[RECORD EXTRACTS]
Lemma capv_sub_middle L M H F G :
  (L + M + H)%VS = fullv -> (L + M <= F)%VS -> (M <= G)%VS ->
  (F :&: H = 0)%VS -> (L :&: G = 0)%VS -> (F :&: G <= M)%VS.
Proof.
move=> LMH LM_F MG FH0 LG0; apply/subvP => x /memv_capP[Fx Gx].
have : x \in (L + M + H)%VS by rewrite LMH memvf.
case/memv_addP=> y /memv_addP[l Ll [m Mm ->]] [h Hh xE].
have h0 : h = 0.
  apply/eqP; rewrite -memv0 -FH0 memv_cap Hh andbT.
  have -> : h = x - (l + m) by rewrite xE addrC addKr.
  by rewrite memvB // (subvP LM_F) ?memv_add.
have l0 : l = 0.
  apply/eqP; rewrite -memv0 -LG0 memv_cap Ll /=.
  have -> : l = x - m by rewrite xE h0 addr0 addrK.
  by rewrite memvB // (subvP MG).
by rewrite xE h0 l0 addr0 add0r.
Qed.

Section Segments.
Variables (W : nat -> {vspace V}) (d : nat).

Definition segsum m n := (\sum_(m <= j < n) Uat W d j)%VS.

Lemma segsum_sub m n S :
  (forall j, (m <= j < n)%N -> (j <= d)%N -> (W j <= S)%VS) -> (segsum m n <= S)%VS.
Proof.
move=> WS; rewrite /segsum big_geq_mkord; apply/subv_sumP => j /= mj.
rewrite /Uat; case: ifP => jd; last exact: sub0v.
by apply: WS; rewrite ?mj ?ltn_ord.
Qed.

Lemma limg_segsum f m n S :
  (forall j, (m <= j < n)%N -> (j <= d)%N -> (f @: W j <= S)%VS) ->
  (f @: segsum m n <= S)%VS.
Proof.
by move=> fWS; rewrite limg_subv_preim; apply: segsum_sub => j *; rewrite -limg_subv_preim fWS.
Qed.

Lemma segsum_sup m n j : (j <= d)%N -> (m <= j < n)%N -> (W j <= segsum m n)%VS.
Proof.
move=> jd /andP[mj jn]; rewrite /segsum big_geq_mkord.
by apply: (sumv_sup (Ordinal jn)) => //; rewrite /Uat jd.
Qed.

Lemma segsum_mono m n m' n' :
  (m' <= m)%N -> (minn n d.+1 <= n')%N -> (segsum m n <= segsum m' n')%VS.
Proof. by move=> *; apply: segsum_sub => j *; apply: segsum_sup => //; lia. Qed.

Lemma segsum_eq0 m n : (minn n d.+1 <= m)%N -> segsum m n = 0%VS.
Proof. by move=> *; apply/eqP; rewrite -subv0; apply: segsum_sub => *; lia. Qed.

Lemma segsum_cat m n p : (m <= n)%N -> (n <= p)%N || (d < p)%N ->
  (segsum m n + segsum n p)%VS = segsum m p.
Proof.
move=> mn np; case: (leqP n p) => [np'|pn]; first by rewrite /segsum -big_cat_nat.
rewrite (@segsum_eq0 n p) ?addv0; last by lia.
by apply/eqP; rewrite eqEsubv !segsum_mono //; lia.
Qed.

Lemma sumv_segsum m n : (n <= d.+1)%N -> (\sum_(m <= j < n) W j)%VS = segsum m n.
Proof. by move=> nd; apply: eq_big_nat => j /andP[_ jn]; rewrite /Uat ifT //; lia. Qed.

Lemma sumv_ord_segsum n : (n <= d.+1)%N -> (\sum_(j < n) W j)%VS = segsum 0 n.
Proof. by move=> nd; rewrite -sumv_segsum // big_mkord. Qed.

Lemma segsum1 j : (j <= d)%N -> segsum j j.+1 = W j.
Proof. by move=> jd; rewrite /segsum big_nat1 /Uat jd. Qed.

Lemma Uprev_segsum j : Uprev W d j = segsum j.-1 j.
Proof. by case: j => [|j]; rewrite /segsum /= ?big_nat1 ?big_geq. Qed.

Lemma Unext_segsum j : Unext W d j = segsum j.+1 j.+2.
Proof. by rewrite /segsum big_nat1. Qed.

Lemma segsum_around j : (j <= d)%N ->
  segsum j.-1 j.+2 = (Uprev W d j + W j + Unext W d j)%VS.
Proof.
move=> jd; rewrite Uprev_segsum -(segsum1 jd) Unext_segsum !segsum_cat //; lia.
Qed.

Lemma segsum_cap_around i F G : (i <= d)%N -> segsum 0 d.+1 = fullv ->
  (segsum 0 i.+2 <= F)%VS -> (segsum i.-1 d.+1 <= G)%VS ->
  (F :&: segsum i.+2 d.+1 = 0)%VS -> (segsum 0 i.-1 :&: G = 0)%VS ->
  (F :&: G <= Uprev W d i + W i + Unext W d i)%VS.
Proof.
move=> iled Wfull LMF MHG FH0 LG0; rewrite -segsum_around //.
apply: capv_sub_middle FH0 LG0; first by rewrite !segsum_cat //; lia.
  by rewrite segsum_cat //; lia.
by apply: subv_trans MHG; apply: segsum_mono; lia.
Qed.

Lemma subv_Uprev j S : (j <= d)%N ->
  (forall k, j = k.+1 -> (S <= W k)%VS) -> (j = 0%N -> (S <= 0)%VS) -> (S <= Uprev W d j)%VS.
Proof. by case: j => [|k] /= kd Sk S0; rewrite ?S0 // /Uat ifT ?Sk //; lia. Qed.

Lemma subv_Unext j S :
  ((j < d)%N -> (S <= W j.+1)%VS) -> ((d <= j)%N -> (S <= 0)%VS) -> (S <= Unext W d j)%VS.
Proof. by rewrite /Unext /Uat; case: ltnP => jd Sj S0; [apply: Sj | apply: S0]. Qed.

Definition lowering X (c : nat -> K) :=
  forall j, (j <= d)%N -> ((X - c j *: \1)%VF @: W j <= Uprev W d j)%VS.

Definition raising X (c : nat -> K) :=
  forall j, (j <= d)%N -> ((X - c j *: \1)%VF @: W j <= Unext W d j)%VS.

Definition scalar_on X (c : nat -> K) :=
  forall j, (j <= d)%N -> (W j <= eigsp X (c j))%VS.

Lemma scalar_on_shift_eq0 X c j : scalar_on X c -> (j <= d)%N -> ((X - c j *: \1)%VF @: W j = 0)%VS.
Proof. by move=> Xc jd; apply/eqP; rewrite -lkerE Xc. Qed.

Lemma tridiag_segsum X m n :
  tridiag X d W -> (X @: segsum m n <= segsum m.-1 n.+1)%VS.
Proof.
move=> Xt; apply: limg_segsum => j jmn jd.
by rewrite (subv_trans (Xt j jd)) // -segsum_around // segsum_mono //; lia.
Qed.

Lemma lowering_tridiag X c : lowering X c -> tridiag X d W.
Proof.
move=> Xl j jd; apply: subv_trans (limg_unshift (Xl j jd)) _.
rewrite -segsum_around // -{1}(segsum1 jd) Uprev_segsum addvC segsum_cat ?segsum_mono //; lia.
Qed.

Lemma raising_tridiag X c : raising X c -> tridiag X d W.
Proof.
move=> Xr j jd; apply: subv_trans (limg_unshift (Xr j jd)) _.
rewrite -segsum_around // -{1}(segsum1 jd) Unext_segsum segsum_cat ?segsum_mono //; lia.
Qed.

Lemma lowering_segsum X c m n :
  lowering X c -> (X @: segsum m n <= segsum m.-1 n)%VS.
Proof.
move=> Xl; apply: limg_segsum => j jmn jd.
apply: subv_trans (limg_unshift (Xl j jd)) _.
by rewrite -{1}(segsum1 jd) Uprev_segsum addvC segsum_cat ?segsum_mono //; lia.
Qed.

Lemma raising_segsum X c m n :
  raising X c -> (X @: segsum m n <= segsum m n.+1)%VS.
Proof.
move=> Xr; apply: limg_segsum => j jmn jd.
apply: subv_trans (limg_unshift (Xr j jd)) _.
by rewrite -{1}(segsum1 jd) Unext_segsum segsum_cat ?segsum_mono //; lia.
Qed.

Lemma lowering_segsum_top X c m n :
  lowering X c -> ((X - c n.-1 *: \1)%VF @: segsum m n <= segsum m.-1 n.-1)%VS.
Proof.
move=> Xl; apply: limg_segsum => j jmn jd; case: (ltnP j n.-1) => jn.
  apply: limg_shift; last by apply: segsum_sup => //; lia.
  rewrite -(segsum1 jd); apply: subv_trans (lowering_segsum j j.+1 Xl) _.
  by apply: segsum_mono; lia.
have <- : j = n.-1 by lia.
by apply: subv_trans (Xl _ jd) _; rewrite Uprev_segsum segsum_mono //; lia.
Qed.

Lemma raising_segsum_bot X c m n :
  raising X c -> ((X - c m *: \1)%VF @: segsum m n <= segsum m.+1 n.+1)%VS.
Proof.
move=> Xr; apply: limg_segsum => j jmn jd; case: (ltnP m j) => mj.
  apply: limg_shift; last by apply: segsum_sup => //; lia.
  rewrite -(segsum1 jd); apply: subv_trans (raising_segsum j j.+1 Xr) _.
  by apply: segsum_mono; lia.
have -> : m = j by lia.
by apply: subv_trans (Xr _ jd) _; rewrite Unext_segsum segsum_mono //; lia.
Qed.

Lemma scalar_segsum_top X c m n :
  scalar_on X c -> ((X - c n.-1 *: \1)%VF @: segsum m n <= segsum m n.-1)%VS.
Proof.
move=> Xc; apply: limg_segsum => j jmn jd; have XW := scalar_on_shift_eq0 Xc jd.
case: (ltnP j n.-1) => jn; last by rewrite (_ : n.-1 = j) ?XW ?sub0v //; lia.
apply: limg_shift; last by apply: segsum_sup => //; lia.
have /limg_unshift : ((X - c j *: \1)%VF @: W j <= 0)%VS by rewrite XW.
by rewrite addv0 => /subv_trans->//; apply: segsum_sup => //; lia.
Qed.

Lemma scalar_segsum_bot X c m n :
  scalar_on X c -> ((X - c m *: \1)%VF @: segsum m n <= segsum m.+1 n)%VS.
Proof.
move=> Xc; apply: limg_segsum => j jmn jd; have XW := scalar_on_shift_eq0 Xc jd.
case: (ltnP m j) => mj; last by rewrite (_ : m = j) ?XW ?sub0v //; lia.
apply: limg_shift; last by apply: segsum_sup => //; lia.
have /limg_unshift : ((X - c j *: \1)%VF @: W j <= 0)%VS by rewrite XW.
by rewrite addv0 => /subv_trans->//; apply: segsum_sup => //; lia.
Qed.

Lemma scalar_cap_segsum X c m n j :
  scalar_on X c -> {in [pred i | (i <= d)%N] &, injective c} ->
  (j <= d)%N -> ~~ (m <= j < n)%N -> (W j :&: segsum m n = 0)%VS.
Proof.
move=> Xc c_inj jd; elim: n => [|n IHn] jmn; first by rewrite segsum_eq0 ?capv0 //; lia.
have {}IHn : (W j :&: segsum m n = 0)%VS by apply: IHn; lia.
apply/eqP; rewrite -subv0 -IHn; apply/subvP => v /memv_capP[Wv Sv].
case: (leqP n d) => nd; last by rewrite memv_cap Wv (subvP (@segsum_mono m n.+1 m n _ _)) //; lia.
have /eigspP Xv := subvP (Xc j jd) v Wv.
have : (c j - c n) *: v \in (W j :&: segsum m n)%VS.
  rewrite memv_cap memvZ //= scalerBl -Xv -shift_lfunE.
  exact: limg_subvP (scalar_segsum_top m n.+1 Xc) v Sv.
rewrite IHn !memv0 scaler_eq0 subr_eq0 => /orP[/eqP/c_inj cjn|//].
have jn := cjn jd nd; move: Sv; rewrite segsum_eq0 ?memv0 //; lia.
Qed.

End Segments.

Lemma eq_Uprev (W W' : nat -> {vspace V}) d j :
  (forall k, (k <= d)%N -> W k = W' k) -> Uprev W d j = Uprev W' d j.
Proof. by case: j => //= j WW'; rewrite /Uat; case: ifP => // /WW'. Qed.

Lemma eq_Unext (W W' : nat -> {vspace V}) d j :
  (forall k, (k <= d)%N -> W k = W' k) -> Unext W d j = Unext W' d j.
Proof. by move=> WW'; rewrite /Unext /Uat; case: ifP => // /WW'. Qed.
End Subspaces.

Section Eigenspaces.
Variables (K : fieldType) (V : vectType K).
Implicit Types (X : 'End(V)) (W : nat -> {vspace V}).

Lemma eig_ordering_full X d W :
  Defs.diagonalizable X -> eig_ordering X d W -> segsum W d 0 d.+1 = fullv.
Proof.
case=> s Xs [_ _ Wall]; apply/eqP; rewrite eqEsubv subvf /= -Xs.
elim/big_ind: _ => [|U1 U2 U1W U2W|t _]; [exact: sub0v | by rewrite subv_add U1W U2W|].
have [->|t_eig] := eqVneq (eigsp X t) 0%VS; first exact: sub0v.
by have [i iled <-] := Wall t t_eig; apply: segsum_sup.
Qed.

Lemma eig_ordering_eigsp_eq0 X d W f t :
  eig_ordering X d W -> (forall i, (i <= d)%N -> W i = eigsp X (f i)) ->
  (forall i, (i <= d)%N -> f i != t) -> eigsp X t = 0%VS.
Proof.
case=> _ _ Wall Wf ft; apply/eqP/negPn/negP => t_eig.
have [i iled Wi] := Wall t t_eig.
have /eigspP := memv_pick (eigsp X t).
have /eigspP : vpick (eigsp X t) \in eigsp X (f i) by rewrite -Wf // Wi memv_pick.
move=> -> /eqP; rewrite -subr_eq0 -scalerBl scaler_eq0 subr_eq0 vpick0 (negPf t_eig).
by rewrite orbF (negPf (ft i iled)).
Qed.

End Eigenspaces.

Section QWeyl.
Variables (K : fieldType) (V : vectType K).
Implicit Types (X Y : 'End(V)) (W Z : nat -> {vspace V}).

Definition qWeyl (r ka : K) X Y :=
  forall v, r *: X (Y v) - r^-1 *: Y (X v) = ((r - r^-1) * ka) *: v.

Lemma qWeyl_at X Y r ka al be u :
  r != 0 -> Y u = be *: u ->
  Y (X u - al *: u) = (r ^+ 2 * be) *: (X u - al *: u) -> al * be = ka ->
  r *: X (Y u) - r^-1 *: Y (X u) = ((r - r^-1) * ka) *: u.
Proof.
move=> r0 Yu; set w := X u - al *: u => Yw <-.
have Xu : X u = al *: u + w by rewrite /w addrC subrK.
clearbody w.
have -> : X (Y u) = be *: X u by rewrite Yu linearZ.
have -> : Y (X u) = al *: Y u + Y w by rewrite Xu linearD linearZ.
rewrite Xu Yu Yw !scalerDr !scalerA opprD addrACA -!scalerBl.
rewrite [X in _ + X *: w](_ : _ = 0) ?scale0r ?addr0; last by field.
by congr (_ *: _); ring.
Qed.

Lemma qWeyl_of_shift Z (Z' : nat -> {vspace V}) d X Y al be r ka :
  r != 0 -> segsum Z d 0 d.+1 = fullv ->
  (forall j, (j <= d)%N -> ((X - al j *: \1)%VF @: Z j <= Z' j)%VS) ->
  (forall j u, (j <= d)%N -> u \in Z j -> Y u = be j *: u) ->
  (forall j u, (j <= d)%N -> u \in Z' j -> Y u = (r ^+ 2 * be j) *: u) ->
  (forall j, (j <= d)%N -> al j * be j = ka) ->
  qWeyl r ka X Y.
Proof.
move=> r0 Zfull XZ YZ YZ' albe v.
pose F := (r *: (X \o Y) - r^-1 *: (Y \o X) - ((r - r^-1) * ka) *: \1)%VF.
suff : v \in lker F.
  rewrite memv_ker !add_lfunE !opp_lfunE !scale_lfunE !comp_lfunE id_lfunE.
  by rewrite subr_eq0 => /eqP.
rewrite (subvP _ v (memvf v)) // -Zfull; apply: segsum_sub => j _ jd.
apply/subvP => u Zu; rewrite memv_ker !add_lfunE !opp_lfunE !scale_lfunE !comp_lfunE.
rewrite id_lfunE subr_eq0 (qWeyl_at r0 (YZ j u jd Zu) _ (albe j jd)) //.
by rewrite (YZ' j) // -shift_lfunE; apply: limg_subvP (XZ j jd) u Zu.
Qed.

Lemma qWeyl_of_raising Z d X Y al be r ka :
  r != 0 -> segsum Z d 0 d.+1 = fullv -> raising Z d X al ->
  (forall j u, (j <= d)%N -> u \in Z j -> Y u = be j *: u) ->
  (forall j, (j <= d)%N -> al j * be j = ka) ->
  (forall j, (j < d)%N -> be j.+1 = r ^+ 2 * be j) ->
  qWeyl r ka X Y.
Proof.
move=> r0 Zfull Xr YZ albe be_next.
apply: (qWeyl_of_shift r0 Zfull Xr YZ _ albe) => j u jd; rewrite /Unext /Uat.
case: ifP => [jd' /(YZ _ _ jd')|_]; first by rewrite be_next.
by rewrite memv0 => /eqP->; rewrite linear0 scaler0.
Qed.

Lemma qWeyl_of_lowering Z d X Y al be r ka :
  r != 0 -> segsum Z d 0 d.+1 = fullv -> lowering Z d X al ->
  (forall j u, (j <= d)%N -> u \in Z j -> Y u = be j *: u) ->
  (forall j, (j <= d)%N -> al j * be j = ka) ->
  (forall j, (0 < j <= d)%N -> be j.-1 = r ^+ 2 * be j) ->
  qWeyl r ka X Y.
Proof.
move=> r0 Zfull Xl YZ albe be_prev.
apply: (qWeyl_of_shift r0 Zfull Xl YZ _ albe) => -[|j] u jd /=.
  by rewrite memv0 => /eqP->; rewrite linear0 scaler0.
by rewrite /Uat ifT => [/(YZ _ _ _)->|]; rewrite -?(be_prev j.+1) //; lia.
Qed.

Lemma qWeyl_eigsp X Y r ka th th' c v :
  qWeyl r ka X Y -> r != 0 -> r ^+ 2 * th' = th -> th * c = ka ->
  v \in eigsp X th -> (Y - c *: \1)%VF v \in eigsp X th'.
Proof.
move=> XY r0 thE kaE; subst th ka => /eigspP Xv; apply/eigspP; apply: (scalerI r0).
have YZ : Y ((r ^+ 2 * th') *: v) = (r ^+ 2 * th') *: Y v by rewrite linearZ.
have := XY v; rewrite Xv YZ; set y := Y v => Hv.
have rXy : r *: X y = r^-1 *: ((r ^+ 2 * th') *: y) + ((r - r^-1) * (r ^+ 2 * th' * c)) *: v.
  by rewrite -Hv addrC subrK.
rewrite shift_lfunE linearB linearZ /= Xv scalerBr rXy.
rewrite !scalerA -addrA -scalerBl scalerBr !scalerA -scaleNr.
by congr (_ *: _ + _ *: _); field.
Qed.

[REQUIRED ACTION] Search the records for the word "memvf". Copy each line where it appears.

[EXERCISE RESULT]
have : x \in (L + M + H)%VS by rewrite LMH memvf.
rewrite (subvP _ v (memvf v)) // -Zfull; apply: segsum_sub => j _ jd.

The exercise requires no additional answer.